Your response must be the entire set of entries, reproduced word for word.

[Records excerpted from a collection]
....................

(* Let $X$ be a Baire space and let $Y$ be a topological space which has a dense set of $W$-points and such that the strong Choquet game $Ch(Y)$ is $\beta$-unfavorable. Then $X\times Y$ is a Baire space.
   Context: A topological space is a Baire space if every countable intersection of dense open subsets is dense. The strong Choquet game $Ch(Y)$: players $\beta$ and $\alpha$ alternate, $\beta$ first; at round $n$, $\beta$ chooses a point $x_n$ and an open set $V_n\ni x_n$ (with $V_n\subseteq U_{n-1}$ if $n\ge1$), then $\alpha$ chooses an open $U_n$ with $x_n\in U_n\subseteq V_n$; $\alpha$ wins if $\bigcap_n U_n\neq\emptyset$, otherwise $\beta$ wins. $Ch(Y)$ is $\beta$-unfavorable if $\beta$ has no winning strategy (a strategy being a function from finite sequences of opponent moves to legal moves, winning if every compatible play is won). The Gruenhage game $G(Y)$ at a point $y\in Y$: at round $n$, Player I chooses an open neighborhood $U_n$ of $y$ and Player II chooses a point $y_n\in U_n$; Player I wins if $(y_n)_n$ converges to $y$. A point $y$ is a $W$-point if Player I has a winning strategy in $G(Y)$ at $y$. *)

From Stdlib Require Import List Arith.
Import ListNotations.
(* Let $(X_n)$ be i.i.d. real random variables distributed as $X$, with $\mathbb{P}(X<0)>0$ and $X$ non-lattice, and let $(Y_n)$ be i.i.d., independent of $(X_n)$, with $\mathbb{P}(Y_1=1)=p=1-\mathbb{P}(Y_1=-1)$, $p\in(0,1)$. Let $W$ have the stationary distribution of $W_{n+1}=(Y_nW_n+X_n)^+$. Suppose there exists $\kappa>0$ with $\mathbb{E}[e^{\kappa X}]=1/p$ and $m=\mathbb{E}[Xe^{\kappa X}]<\infty$. Let $R=e^W$, $M=Be^X$ with $B$ Bernoulli($p$) independent of $X$, and $(B,X)$ independent of $R$, and let \[C=\frac1m\int_0^\infty\big[\mathbb{P}(R>t)-\mathbb{P}(MR>t)\big]t^{\kappa-1}\,dt.\] Then, with $X$ and $W$ independent, \[C=\frac{1-p}{m\kappa}+\frac{1-p}{m}\int_0^\infty\mathbb{P}(X-W>s)e^{\kappa s}\,ds+\frac pm\int_{-\infty}^0e^{\kappa s}\,\mathbb{P}(X+W\le s)\,ds.\]
   Context: $W$ denotes a random variable with $W\stackrel{D}{=}(YW+X)^+$, where $W,Y,X$ are independent and $Y\stackrel{D}{=}Y_1$. *)

From HB Require Import structures.
From mathcomp Require Import all_boot all_order all_algebra.
From mathcomp Require Import all_classical all_reals all_analysis.
Set Implicit Arguments.
Unset Strict Implicit.
Unset Printing Implicit Defensive.
Import Order.TTheory GRing.Theory Num.Theory.
Local Open Scope classical_set_scope.
Local Open Scope ring_scope.

(* Mutual independence of three real random variables: product rule for
   all triples of Borel sets (taking some of them = setT gives the
   sub-family product rules). *)
Definition indep3 (d : measure_display) (T : measurableType d) (R : realType)
  (P : probability T R) (X1 X2 X3 : T -> R) : Prop :=
  forall A1 A2 A3 : set R, measurable A1 -> measurable A2 -> measurable A3 ->
    P (X1 @^-1` A1 `&` X2 @^-1` A2 `&` X3 @^-1` A3) =
    (P (X1 @^-1` A1) * P (X2 @^-1` A2) * P (X3 @^-1` A3))%E.

Definition lattice_rv (d : measure_display) (T : measurableType d) (R : realType)
  (P : probability T R) (X : T -> R) : Prop :=
  exists (a b : R), 0 < a /\
    P [set w | exists k : int, X w = b + k%:~R * a] = 1%E.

....................

Solution to this exercise =>
(* Let $X$ be a Baire space and let $Y$ be a topological space which has a dense set of $W$-points and such that the strong Choquet game $Ch(Y)$ is $\beta$-unfavorable. Then $X\times Y$ is a Baire space.
   Context: A topological space is a Baire space if every countable intersection of dense open subsets is dense. The strong Choquet game $Ch(Y)$: players $\beta$ and $\alpha$ alternate, $\beta$ first; at round $n$, $\beta$ chooses a point $x_n$ and an open set $V_n\ni x_n$ (with $V_n\subseteq U_{n-1}$ if $n\ge1$), then $\alpha$ chooses an open $U_n$ with $x_n\in U_n\subseteq V_n$; $\alpha$ wins if $\bigcap_n U_n\neq\emptyset$, otherwise $\beta$ wins. $Ch(Y)$ is $\beta$-unfavorable if $\beta$ has no winning strategy (a strategy being a function from finite sequences of opponent moves to legal moves, winning if every compatible play is won). The Gruenhage game $G(Y)$ at a point $y\in Y$: at round $n$, Player I chooses an open neighborhood $U_n$ of $y$ and Player II chooses a point $y_n\in U_n$; Player I wins if $(y_n)_n$ converges to $y$. A point $y$ is a $W$-point if Player I has a winning strategy in $G(Y)$ at $y$. *)

From Stdlib Require Import List Arith.
Import ListNotations.
(* Let $(X_n)$ be i.i.d. real random variables distributed as $X$, with $\mathbb{P}(X<0)>0$ and $X$ non-lattice, and let $(Y_n)$ be i.i.d., independent of $(X_n)$, with $\mathbb{P}(Y_1=1)=p=1-\mathbb{P}(Y_1=-1)$, $p\in(0,1)$. Let $W$ have the stationary distribution of $W_{n+1}=(Y_nW_n+X_n)^+$. Suppose there exists $\kappa>0$ with $\mathbb{E}[e^{\kappa X}]=1/p$ and $m=\mathbb{E}[Xe^{\kappa X}]<\infty$. Let $R=e^W$, $M=Be^X$ with $B$ Bernoulli($p$) independent of $X$, and $(B,X)$ independent of $R$, and let \[C=\frac1m\int_0^\infty\big[\mathbb{P}(R>t)-\mathbb{P}(MR>t)\big]t^{\kappa-1}\,dt.\] Then, with $X$ and $W$ independent, \[C=\frac{1-p}{m\kappa}+\frac{1-p}{m}\int_0^\infty\mathbb{P}(X-W>s)e^{\kappa s}\,ds+\frac pm\int_{-\infty}^0e^{\kappa s}\,\mathbb{P}(X+W\le s)\,ds.\]
   Context: $W$ denotes a random variable with $W\stackrel{D}{=}(YW+X)^+$, where $W,Y,X$ are independent and $Y\stackrel{D}{=}Y_1$. *)

From HB Require Import structures.
From mathcomp Require Import all_boot all_order all_algebra.
From mathcomp Require Import all_classical all_reals all_analysis.
Set Implicit Arguments.
Unset Strict Implicit.
Unset Printing Implicit Defensive.
Import Order.TTheory GRing.Theory Num.Theory.
Local Open Scope classical_set_scope.
Local Open Scope ring_scope.

(* Mutual independence of three real random variables: product rule for
   all triples of Borel sets (taking some of them = setT gives the
   sub-family product rules). *)
Definition indep3 (d : measure_display) (T : measurableType d) (R : realType)
  (P : probability T R) (X1 X2 X3 : T -> R) : Prop :=
  forall A1 A2 A3 : set R, measurable A1 -> measurable A2 -> measurable A3 ->
    P (X1 @^-1` A1 `&` X2 @^-1` A2 `&` X3 @^-1` A3) =
    (P (X1 @^-1` A1) * P (X2 @^-1` A2) * P (X3 @^-1` A3))%E.

Definition lattice_rv (d : measure_display) (T : measurableType d) (R : realType)
  (P : probability T R) (X : T -> R) : Prop :=
  exists (a b : R), 0 < a /\
    P [set w | exists k : int, X w = b + k%:~R * a] = 1%E.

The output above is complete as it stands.